We could see geographical enrichment in the overall frequency of the 53 rare variant carriers, HFE C282Y, GP1BA Leu129Pro, GP9 Asn45Ser and GP9 Leu40Pro mutations as well as HLA-DQ2/DQ8 heterozygotes in Finland (Fig. 3). Donors carrying multiple rare variants were enriched in the Kainuu region of the Eastern Finland. The frequency of HFE C282Y mutation was relatively high in the whole country except in Kainuu region. In addition, we could see enrichment of this mutation in Ahvenanmaa and West of Finland. GP1BA LeuPro129 was enriched in the Northern Savo region of the Eastern Finland and GP9 Asn45Ser was enriched in South Ostrobothnia. GP9 Leu40Pro mutation was found only in 14 donors as heterozygous in Uusimaa, North Karelia, Pirkanmaa, Päijät-Häme, Northern Savo, South Ostrobothnia, Northern Ostrobothnia, and Ahvenanmaa regions. Bernard-Soulier syndrome causing mutations were not met in several regions at all. HLA-DQ2/DQ8 heterozygotes were enriched in Ahvenanmaa and Lapland. Frequencies of the mutations and HLA-DQ2/DQ8 heterozygotes in each region are listed in Supplementary Table 1.
Consanguinity
The degree of consanguinity in the Blood Service Biobank and FinnGen cohort was compared for the first-, second- and third-degree relatives. The level of consanguinity was higher in the Blood Service Biobank in the first-degree relatives; 1.7% (SD 0.0017) were full siblings and 2.14% (SD 0.0019) had parent-offspring relationship whereas the corresponding figures in the FinnGen cohort were 0.96% (SD 0.0013) and 0.94% (0.0014), respectively (Fig. 4). Monozygotic twins/duplicates were met slightly more often in the FinnGen cohort, 0.042% (SD 0.0003) than in the Blood Service Biobank cohort 0.039% (SD 0.0003). Differences in the first-degree relatives were statistically significant in full sibling (p = 1.07e–04) and parent-offspring level (p = 1.91e–10) but not in case of the monozygotic twins/duplicates (p = 1.0). This could be the result of twin cohorts included in the FinnGen study [29]. Second degree relatives were seen slightly less in Blood Service Biobank cohort, 2.3% (SD 0.0020), than in the FinnGen cohort, 2.4% (SD 0.0022), while the third-degree relatives were met more often in the Blood Service Biobank, 4.3% (SD 0.0026), than in the FinnGen cohort, 4.2% (SD 0.0029). There was no statistically significant difference in second- or third-degree relativeness between the two cohorts, p = 1.0 and p = 1.0, respectively.
Discussion
Blood donor biobank is considered to be a valuable resource in research due to the positive attitude towards research of blood donors as well as the voluntary and repeated blood donations. Samples from patients are an obvious target for many disease-focused studies and healthy blood donors carrying a desired gene variant can provide an excellent starting material for cellular and molecular biology studies without confounding effects of medication or disease progression. However, if not taken into consideration, the healthy donor effect may lead to membership bias and thus further to unpredictable consequences [6, 30].
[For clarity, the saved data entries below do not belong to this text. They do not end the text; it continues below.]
(* Let $n\ge2$, $\mathbf p^0\in\Delta_n$, $\mathbf p^{t+1}=F(\mathbf p^t)$. Then the sequence $L^t=\sum_{k=1}^n(p^t_k)^2$, $t=0,1,\dots$, is (non-strictly) decreasing: $L^{t+1}\le L^t$ for all $t$.
   Context: $\Delta_n=\{\mathbf p\in\mathbb R^n: p_i\ge 0,\ \sum_i p_i=1\}$. For $\mathbf p\in\Delta_n$, $L(\mathbf p)=\sum_{k}p_k^2$ and $F(\mathbf p)_i=p_i\frac{n-p_i}{n-L(\mathbf p)}$. *)

From mathcomp Require Import all_boot all_order all_algebra.
Set Implicit Arguments. Unset Strict Implicit. Unset Printing Implicit Defensive.
Import Order.TTheory GRing.Theory Num.Theory.
Local Open Scope ring_scope.

Definition simplex (R : realFieldType) (n : nat) (p : 'I_n -> R) : Prop :=
  (forall i, 0 <= p i) /\ \sum_(i < n) p i = 1.

Definition Lsq (R : realFieldType) (n : nat) (p : 'I_n -> R) : R :=
  \sum_(k < n) p k ^+ 2.

Definition Fmap (R : realFieldType) (n : nat) (p : 'I_n -> R) : 'I_n -> R :=
  fun i => p i * (n%:R - p i) / (n%:R - Lsq p).

Definition traj (R : realFieldType) (n : nat) (p0 : 'I_n -> R) (t : nat) : 'I_n -> R :=
  iter t (@Fmap R n) p0.

From mathcomp Require Import all_boot all_order all_algebra.
From mathcomp Require Import ring lra.
Import Order.TTheory GRing.Theory Num.Theory.
Local Open Scope ring_scope.

(* Write D = n - L(p) > 0. Since sum_i p_i (n - p_i) = D, the map F sends the
   simplex to itself. For the decrease of L one checks the polynomial identity
     (p_i (n - p_i))^2 = a p_i^2 + b p_i - p_i (p_i - L)^2 (2n - p_i - 2L)
   with a = n^2 - 4nL + 3L^2 and b = 2L^2 D; summing over i with sum p_i = 1
   and sum p_i^2 = L gives sum_i (p_i (n - p_i))^2 = L D^2 - (a nonnegative
   sum), i.e. L(F p) <= L(p). *)

Section SimplexPoint.
Variables (R : realFieldType) (n : nat) (p : 'I_n -> R).
Hypothesis p_simplex : simplex p.

Lemma simplex_ge0 i : 0 <= p i.
Proof. by case: p_simplex. Qed.

Lemma simplex_le1 i : p i <= 1.
Proof.
case: p_simplex => p_ge0 <-; rewrite (bigD1 i) //= lerDl.
by apply: sumr_ge0 => j _; exact: p_ge0.
Qed.

Lemma Lsq_le1 : Lsq p <= 1.
Proof.
case: p_simplex => _ <-; apply: ler_sum => i _.
have := simplex_ge0 i; have := simplex_le1 i; rewrite expr2; nra.
Qed.

Lemma sum_mul_subLsq : \sum_(i < n) p i * (n%:R - p i) = n%:R - Lsq p.
Proof.
case: p_simplex => _ sum_p1.
rewrite /Lsq -[n%:R in RHS]mul1r -sum_p1 mulr_suml -sumrB.
by apply: eq_bigr => i _; rewrite mulrBr expr2.
Qed.

Hypothesis n_ge2 : (2 <= n)%N.

Lemma natr_ge2 : 2 <= n%:R :> R.
Proof. by rewrite (ler_nat R 2 n). Qed.

Lemma subLsq_gt0 : 0 < n%:R - Lsq p.
Proof. by have := natr_ge2; have := Lsq_le1; lra. Qed.

Lemma Fmap_simplex : simplex (Fmap p).
Proof.
have D_gt0 := subLsq_gt0; split => [i|].
- apply: divr_ge0; last exact: ltW.
  apply: mulr_ge0; first exact: simplex_ge0.
  by have := simplex_le1 i; have := natr_ge2; lra.
- by rewrite /Fmap -mulr_suml sum_mul_subLsq divff // gt_eqF.
Qed.

Lemma sum_sqr_mul_subLsq :
  \sum_(i < n) (p i * (n%:R - p i)) ^+ 2
  = Lsq p * (n%:R - Lsq p) ^+ 2
    - \sum_(i < n) p i * (p i - Lsq p) ^+ 2 * (2 * n%:R - p i - 2 * Lsq p).
Proof.
case: p_simplex => _ sum_p1; set L := Lsq p.
set a := n%:R ^+ 2 - 4 * n%:R * L + 3 * L ^+ 2; set b := 2 * L ^+ 2 * (n%:R - L).
have split_sqr i : (p i * (n%:R - p i)) ^+ 2
    = (a * p i ^+ 2 + b * p i) - p i * (p i - L) ^+ 2 * (2 * n%:R - p i - 2 * L).
  by rewrite /a /b; ring.
rewrite (eq_bigr _ (fun i _ => split_sqr i)) sumrB big_split /=.
rewrite -!mulr_sumr sum_p1 -/(Lsq p) -/L mulr1 /a /b.
congr (_ - _); ring.
Qed.

Lemma Lsq_Fmap_le : Lsq (Fmap p) <= Lsq p.
Proof.
have D_gt0 := subLsq_gt0.
rewrite /Lsq /Fmap -/(Lsq p).
under eq_bigr => i _ do rewrite expr_div_n.
rewrite -mulr_suml ler_pdivrMr ?exprn_gt0 // sum_sqr_mul_subLsq gerBl.
apply: sumr_ge0 => i _.
apply: mulr_ge0; first by rewrite mulr_ge0 ?simplex_ge0 ?sqr_ge0.
by have := simplex_le1 i; have := Lsq_le1; have := natr_ge2; lra.
Qed.

End SimplexPoint.

Lemma traj_simplex (R : realFieldType) (n : nat) (p0 : 'I_n -> R) :
  (2 <= n)%N -> simplex p0 -> forall t, simplex (traj p0 t).
Proof.
move=> n_ge2 p0_simplex; elim=> [|t IHt] //.
by rewrite /traj iterS; exact: Fmap_simplex.
Qed.

Theorem lemma1 (R : realFieldType) (n : nat) (p0 : 'I_n -> R) :
  (2 <= n)%N -> simplex p0 ->
  forall t : nat, Lsq (traj p0 t.+1) <= Lsq (traj p0 t).
Proof.
move=> n_ge2 p0_simplex t; rewrite /traj iterS.
exact/Lsq_Fmap_le/n_ge2/traj_simplex.
Qed.
Lemma periodic_in_place x : periodic phi x -> V x.
Proof.
case=> [[|n] [// _ per]]; apply: NNPP => Vx.
have [m [_ m_nonunit] e] := iter_grows n Vx; rewrite per in e.
have m1 : m = 1 by apply: (mulIf (place_neq0 placeV Vx)); rewrite -e mul1r.
by have := m_nonunit 1 (subring1 subV); rewrite m1 mulr1 eqxx.
Qed.

End PeriodicIntegral.

Section Periodic.
Variables (K : fieldType) (phi : {poly K}).
Local Notation f := (fun z => phi.[z]).

Lemma periodic_horner x : periodic phi x -> periodic phi phi.[x].
Proof. by case=> n [n0 per]; exists n; split; rewrite // -iterSr iterS per. Qed.

Lemma fixed_periodic x : phi.[x] = x -> periodic phi x.
Proof. by exists 1%N. Qed.

Lemma periodic_iter n x : periodic phi x -> periodic phi (iter n f x).
Proof. by move=> per_x; elim: n => //= n; apply: periodic_horner. Qed.

Lemma periodic_common_period x y : periodic phi x -> periodic phi y ->
  exists n, iter n.+1 f x = x /\ iter n.+1 f y = y.
Proof.
case=> m [m0 per_x] [n [n0 per_y]]; exists (n * m).-1.
rewrite prednK ?muln_gt0 ?m0 ?n0 //.
by split; [|rewrite mulnC]; rewrite iterM iter_fix.
Qed.

Variables (S : K -> Prop) (subS : is_subring S).
Hypotheses (S_phi : forall i, S phi`_i) (S_periodic : forall x, periodic phi x -> S x).

Lemma iter_subr_factor n x y : periodic phi x -> periodic phi y ->
  exists2 E, S E & iter n f y - iter n f x = (y - x) * E.
Proof.
move=> per_x per_y; elim: n => [|n [E SE IHn]].
  by exists 1; [apply: (subring1 subS) | rewrite mulr1].
rewrite !iterS; have [D SD ->] := horner_subr_factor subS S_phi
  (S_periodic (periodic_iter n per_x)) (S_periodic (periodic_iter n per_y)).
by exists (E * D); [apply: (subringM subS) | rewrite IHn mulrA].
Qed.

Lemma multiplier_unit x y : periodic phi x -> periodic phi y -> x != y ->
  let u := (phi.[y] - phi.[x]) / (y - x) in [/\ u != 0, S u & S u^-1].
Proof.
move=> per_x per_y xy u; have yx0 : y - x != 0 by rewrite subr_eq0 eq_sym.
have [D SD phiD] := horner_subr_factor subS S_phi (S_periodic per_x) (S_periodic per_y).
have uD : u = D by rewrite /u phiD mulrC mulKf.
have [n [px py]] := periodic_common_period per_x per_y.
have [E SE] := iter_subr_factor n (periodic_horner per_x) (periodic_horner per_y).
rewrite -!iterSr px py phiD -mulrA -{1}[y - x]mulr1 => /(mulfI yx0) DE.
have D0 : D != 0 by apply: contra_eq_neq DE => ->; rewrite mul0r oner_neq0.
have -> : u^-1 = E by rewrite uD -[D^-1]mulr1 DE mulKf.
by rewrite uD.
Qed.

End Periodic.

Section Chevalley.
Local Open Scope classical_set_scope.
Variables (F K : fieldType) (f : {rmorphism F -> K}) (z : K).
Hypothesis z_nonunit : forall q : {poly F}, z * (map_poly f q).[z] != 1.

Definition Fz : set K := [set y | exists q : {poly F}, y = (map_poly f q).[z]].

Definition admissible (A : set K) :=
  [/\ is_subring A, Fz `<=` A & forall a, A a -> z * a != 1].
We could see statistically significant differences between the Biobank and blood donor cohorts. There was a difference between age and donation activity distributions; this may reflect the high-level commitment of regular and usually older donors toward extra requests by the Blood Service, such as biobanking, and the fact that first-time donors are rarely recruited to the biobank. Hence, in the biobank cohort, the age distribution is focused on the older age which then also reflects on to the overall lifetime donation activity. Biological reasons may reflect to the lifetime donation activity of women. Lack of young men in Biobank cohort may be explained by recruiting practises; military service is mandatory for men in Finland, but donors are not recruited to Biobank in blood donations taking place in the defence forces. A high difference in O- blood group distribution could be a result of higher donation activity of biobank donors in general or because donors with O- blood group are relatively active and committed donors, hence they are presumably recruited to biobank more often. The number of samples from more remote and sparsely populated areas of Finland, such as Kainuu and Lapland, were low due to blood collection and biobank recruitment practices. In turn, the South-West area (Varsinais-Suomi) was over-represented in the Biobank as the result of active local recruitment.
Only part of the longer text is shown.